(Beginning of DATA)

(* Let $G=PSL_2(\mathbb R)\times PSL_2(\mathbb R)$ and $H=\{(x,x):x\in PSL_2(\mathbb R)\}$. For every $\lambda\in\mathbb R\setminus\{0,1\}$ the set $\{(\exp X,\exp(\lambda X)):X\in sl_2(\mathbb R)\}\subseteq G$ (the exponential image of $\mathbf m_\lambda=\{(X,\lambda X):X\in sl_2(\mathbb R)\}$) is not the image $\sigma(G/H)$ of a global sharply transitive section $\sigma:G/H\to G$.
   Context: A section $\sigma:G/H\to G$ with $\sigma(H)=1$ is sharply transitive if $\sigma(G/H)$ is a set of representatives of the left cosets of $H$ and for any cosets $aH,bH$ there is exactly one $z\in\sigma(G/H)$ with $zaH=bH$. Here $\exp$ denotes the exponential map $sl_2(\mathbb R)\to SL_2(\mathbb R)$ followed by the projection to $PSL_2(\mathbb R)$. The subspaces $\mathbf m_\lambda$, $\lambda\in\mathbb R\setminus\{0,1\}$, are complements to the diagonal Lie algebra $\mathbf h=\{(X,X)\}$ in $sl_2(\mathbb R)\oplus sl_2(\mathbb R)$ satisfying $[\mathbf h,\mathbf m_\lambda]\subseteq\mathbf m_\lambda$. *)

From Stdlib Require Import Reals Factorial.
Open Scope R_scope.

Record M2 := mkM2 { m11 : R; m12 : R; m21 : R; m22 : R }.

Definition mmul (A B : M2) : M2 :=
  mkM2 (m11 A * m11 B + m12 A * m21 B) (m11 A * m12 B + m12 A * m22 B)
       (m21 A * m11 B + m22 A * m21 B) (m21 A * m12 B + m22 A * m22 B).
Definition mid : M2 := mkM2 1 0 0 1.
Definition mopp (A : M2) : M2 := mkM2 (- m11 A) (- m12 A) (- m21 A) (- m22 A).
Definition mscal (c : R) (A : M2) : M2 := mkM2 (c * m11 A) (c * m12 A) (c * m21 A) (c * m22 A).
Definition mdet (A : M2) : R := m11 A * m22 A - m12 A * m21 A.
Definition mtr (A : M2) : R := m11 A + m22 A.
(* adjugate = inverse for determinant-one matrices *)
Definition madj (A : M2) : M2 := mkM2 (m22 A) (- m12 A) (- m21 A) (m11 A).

(End of DATA)
(Beginning of DATA)

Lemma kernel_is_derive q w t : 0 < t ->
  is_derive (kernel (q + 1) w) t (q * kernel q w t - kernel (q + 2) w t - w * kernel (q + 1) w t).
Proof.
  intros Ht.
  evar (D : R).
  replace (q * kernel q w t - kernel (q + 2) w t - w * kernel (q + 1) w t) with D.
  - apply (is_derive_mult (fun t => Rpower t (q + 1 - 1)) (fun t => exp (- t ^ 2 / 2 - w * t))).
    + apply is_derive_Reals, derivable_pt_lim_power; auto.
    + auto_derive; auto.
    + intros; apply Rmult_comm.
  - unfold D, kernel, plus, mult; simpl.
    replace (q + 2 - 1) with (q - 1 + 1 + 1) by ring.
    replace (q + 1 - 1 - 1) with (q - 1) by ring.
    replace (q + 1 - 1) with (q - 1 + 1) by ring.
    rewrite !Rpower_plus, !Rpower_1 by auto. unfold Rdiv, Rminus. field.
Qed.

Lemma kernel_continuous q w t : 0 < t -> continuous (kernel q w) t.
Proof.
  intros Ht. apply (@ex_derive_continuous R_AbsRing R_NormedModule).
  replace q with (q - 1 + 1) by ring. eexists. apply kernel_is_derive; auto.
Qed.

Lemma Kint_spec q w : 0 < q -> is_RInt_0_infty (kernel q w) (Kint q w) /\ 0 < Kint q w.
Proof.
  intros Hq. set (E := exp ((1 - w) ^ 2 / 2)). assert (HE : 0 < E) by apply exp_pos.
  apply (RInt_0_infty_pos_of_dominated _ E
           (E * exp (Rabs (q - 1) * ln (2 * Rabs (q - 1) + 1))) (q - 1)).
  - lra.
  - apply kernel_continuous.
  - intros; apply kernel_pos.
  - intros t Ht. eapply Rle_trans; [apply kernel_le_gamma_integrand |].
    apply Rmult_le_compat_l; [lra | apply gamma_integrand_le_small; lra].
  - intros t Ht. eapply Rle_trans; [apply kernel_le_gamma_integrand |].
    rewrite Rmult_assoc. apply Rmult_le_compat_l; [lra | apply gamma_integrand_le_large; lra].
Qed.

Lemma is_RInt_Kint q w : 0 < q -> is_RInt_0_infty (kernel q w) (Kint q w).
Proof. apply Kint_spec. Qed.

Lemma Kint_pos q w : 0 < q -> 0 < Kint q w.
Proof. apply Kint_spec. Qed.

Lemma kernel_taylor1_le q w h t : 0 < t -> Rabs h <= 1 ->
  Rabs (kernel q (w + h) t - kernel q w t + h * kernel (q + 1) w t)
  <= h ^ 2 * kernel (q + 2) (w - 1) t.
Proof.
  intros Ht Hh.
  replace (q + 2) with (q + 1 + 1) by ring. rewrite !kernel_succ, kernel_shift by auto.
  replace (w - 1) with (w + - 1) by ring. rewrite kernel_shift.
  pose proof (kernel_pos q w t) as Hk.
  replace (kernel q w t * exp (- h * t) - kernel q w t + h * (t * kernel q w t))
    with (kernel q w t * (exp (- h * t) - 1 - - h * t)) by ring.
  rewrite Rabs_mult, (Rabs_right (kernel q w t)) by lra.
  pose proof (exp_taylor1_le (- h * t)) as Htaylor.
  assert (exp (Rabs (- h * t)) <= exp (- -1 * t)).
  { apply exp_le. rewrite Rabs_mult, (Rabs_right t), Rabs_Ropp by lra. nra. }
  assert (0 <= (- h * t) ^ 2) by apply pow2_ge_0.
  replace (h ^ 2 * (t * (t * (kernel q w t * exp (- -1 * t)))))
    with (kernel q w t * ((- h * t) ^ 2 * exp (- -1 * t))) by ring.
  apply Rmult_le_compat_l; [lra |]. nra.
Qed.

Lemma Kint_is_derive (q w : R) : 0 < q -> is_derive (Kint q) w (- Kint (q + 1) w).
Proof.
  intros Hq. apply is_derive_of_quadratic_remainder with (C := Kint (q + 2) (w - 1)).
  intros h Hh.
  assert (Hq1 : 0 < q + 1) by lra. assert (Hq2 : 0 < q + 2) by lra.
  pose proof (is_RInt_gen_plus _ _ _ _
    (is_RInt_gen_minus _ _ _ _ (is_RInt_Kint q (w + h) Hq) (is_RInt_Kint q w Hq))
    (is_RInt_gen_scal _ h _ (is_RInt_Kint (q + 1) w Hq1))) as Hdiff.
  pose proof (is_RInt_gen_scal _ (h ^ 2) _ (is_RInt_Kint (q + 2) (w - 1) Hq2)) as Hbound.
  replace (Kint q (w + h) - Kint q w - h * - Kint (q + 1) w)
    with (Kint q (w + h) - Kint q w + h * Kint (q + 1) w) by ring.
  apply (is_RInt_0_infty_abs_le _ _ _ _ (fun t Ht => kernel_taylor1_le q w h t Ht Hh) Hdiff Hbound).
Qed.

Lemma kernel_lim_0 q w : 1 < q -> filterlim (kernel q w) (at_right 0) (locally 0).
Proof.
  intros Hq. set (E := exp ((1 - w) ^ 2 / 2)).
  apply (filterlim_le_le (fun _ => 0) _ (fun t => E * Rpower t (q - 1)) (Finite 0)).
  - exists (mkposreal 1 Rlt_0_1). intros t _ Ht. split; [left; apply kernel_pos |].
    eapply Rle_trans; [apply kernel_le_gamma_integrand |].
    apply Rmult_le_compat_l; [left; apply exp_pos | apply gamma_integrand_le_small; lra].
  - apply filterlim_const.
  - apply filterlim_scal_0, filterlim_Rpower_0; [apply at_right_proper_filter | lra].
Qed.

(End of DATA)
(Beginning of DATA)

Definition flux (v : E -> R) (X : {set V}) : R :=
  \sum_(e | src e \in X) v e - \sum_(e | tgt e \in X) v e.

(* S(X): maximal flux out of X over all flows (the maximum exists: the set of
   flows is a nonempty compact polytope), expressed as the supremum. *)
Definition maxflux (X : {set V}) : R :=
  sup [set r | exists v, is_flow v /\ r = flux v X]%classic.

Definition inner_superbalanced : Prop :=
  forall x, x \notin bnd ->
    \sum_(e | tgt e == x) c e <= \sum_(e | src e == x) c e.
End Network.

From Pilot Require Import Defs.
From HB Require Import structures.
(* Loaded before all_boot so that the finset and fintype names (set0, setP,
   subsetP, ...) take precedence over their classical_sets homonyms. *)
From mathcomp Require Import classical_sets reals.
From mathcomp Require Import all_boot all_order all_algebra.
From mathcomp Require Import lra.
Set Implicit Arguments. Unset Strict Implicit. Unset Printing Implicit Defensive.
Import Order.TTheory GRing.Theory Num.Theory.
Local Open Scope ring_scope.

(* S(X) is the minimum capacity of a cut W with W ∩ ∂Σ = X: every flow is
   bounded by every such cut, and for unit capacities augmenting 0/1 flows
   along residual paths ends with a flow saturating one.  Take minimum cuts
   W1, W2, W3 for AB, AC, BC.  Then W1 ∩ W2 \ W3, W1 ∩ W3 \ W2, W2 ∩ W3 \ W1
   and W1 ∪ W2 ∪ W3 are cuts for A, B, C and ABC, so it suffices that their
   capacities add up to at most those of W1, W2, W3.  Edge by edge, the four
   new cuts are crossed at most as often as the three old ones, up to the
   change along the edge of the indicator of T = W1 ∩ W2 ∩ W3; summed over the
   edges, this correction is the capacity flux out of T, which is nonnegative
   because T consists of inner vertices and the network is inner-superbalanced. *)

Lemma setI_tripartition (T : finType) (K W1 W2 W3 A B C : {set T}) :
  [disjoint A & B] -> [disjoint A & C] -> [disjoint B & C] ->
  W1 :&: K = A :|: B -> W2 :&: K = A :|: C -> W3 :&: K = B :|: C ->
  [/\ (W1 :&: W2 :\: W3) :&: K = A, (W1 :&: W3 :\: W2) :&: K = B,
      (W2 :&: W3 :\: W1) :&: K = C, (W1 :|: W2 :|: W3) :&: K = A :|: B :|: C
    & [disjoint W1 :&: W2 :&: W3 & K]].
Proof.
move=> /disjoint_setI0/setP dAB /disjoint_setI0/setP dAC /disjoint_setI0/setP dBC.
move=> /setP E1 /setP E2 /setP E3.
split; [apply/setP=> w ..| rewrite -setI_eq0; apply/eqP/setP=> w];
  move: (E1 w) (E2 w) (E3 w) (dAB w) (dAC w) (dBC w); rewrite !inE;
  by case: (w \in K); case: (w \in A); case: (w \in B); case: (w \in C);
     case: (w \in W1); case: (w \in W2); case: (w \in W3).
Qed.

(End of DATA)

WHAT YOU WILL DO: Taking the entries above, print exactly the lines starting at the line with "From mathcomp Require Import all_boot" and ending at the line with "along residual paths", both included.

REPLY:
From mathcomp Require Import all_boot all_order all_algebra.
From mathcomp Require Import lra.
Set Implicit Arguments. Unset Strict Implicit. Unset Printing Implicit Defensive.
Import Order.TTheory GRing.Theory Num.Theory.
Local Open Scope ring_scope.

(* S(X) is the minimum capacity of a cut W with W ∩ ∂Σ = X: every flow is
   bounded by every such cut, and for unit capacities augmenting 0/1 flows
   along residual paths ends with a flow saturating one.  Take minimum cuts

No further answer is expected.